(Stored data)
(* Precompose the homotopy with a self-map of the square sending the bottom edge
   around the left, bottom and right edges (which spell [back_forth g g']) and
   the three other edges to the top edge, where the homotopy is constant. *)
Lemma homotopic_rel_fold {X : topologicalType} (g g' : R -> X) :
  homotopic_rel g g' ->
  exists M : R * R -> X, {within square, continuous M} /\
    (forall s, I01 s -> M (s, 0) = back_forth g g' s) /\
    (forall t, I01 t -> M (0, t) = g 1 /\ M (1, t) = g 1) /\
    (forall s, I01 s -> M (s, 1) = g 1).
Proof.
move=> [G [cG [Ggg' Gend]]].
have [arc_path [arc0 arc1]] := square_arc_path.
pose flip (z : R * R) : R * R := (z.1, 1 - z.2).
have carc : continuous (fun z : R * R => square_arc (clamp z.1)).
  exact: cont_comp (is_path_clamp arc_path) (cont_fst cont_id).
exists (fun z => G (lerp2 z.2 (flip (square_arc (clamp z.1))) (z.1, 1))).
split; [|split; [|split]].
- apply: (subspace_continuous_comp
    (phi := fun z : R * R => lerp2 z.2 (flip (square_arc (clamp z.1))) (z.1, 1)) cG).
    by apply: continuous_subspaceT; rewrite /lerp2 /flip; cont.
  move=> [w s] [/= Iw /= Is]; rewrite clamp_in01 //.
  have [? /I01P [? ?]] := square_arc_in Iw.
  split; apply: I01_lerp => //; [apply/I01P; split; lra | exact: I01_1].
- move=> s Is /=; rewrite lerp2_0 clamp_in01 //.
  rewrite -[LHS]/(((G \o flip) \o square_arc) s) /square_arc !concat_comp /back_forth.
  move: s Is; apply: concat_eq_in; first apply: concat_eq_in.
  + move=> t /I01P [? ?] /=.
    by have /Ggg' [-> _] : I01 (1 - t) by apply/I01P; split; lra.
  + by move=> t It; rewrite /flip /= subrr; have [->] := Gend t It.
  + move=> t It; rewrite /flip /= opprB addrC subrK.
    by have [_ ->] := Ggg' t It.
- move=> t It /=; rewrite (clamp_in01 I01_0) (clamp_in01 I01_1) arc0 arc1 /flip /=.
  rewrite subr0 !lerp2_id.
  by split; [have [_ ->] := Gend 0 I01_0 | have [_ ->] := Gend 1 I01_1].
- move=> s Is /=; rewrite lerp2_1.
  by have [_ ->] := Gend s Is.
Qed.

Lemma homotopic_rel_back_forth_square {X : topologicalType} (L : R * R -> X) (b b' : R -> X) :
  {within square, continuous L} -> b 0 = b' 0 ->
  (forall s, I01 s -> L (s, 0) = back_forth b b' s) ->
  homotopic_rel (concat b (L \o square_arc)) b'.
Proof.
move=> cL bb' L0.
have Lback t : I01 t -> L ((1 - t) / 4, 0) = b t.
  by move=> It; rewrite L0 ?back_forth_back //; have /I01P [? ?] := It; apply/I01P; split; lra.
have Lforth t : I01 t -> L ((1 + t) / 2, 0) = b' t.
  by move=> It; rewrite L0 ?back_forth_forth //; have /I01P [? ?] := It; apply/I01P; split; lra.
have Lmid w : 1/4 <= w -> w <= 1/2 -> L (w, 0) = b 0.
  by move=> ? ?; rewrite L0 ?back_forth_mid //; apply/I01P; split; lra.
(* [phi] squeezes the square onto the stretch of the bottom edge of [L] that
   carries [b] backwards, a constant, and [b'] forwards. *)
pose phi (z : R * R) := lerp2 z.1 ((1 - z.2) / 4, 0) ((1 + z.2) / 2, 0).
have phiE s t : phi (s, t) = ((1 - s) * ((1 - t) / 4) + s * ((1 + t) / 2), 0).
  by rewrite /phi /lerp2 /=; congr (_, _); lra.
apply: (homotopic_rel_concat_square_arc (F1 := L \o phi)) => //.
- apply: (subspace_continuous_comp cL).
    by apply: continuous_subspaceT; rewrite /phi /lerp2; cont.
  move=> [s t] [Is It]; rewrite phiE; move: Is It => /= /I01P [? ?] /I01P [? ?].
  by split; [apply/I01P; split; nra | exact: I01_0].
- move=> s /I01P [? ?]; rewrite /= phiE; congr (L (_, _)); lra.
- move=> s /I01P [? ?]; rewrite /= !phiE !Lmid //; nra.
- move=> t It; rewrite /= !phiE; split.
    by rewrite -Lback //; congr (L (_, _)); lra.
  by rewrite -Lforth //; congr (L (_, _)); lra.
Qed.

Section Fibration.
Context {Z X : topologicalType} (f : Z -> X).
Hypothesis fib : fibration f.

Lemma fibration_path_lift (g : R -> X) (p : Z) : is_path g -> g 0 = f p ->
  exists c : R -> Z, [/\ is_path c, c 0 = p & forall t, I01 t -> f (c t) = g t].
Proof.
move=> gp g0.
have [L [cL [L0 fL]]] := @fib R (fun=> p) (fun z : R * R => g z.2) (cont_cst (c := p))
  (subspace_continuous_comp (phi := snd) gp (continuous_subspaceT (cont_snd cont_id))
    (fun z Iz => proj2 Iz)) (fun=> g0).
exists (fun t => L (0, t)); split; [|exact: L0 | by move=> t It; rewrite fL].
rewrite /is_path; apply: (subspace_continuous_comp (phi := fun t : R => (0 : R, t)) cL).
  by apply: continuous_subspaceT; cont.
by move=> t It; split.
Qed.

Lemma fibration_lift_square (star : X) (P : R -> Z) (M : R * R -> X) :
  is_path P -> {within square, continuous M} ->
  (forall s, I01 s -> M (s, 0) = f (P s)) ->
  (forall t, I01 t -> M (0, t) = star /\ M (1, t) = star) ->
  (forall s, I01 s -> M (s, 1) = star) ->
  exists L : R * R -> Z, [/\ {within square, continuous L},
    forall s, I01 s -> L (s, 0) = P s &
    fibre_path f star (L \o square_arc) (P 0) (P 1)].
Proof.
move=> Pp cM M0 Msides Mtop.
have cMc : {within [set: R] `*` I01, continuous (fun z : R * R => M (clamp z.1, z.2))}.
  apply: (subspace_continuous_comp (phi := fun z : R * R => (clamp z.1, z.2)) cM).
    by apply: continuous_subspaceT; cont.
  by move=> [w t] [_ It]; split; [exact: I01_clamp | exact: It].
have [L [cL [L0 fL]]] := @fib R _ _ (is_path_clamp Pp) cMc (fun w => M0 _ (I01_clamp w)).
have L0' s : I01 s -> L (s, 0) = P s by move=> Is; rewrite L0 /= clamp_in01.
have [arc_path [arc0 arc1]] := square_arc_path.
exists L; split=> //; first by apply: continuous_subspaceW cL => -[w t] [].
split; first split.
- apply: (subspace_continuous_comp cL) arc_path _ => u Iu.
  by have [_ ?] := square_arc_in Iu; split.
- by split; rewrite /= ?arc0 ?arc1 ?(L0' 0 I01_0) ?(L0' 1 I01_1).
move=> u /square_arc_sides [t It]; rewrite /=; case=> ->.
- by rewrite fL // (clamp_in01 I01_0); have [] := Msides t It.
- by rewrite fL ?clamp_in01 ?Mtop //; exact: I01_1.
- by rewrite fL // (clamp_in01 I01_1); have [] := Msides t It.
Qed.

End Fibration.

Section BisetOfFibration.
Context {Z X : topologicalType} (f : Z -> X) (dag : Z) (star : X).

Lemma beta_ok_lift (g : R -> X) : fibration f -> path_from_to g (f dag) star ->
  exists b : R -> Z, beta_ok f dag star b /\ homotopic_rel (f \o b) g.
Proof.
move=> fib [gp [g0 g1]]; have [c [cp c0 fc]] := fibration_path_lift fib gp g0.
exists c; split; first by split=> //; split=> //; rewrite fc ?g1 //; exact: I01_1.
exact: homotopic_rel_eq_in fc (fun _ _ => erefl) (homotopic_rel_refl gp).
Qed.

## Aim of the task
Once you reach the line with "is_path P ->" in the data above, copy it and every line after it exactly, up to and including the line with "- by rewrite fL ?clamp_in01".

## Result of the exercise
  is_path P -> {within square, continuous M} ->
  (forall s, I01 s -> M (s, 0) = f (P s)) ->
  (forall t, I01 t -> M (0, t) = star /\ M (1, t) = star) ->
  (forall s, I01 s -> M (s, 1) = star) ->
  exists L : R * R -> Z, [/\ {within square, continuous L},
    forall s, I01 s -> L (s, 0) = P s &
    fibre_path f star (L \o square_arc) (P 0) (P 1)].
Proof.
move=> Pp cM M0 Msides Mtop.
have cMc : {within [set: R] `*` I01, continuous (fun z : R * R => M (clamp z.1, z.2))}.
  apply: (subspace_continuous_comp (phi := fun z : R * R => (clamp z.1, z.2)) cM).
    by apply: continuous_subspaceT; cont.
  by move=> [w t] [_ It]; split; [exact: I01_clamp | exact: It].
have [L [cL [L0 fL]]] := @fib R _ _ (is_path_clamp Pp) cMc (fun w => M0 _ (I01_clamp w)).
have L0' s : I01 s -> L (s, 0) = P s by move=> Is; rewrite L0 /= clamp_in01.
have [arc_path [arc0 arc1]] := square_arc_path.
exists L; split=> //; first by apply: continuous_subspaceW cL => -[w t] [].
split; first split.
- apply: (subspace_continuous_comp cL) arc_path _ => u Iu.
  by have [_ ?] := square_arc_in Iu; split.
- by split; rewrite /= ?arc0 ?arc1 ?(L0' 0 I01_0) ?(L0' 1 I01_1).
move=> u /square_arc_sides [t It]; rewrite /=; case=> ->.
- by rewrite fL // (clamp_in01 I01_0); have [] := Msides t It.
- by rewrite fL ?clamp_in01 ?Mtop //; exact: I01_1.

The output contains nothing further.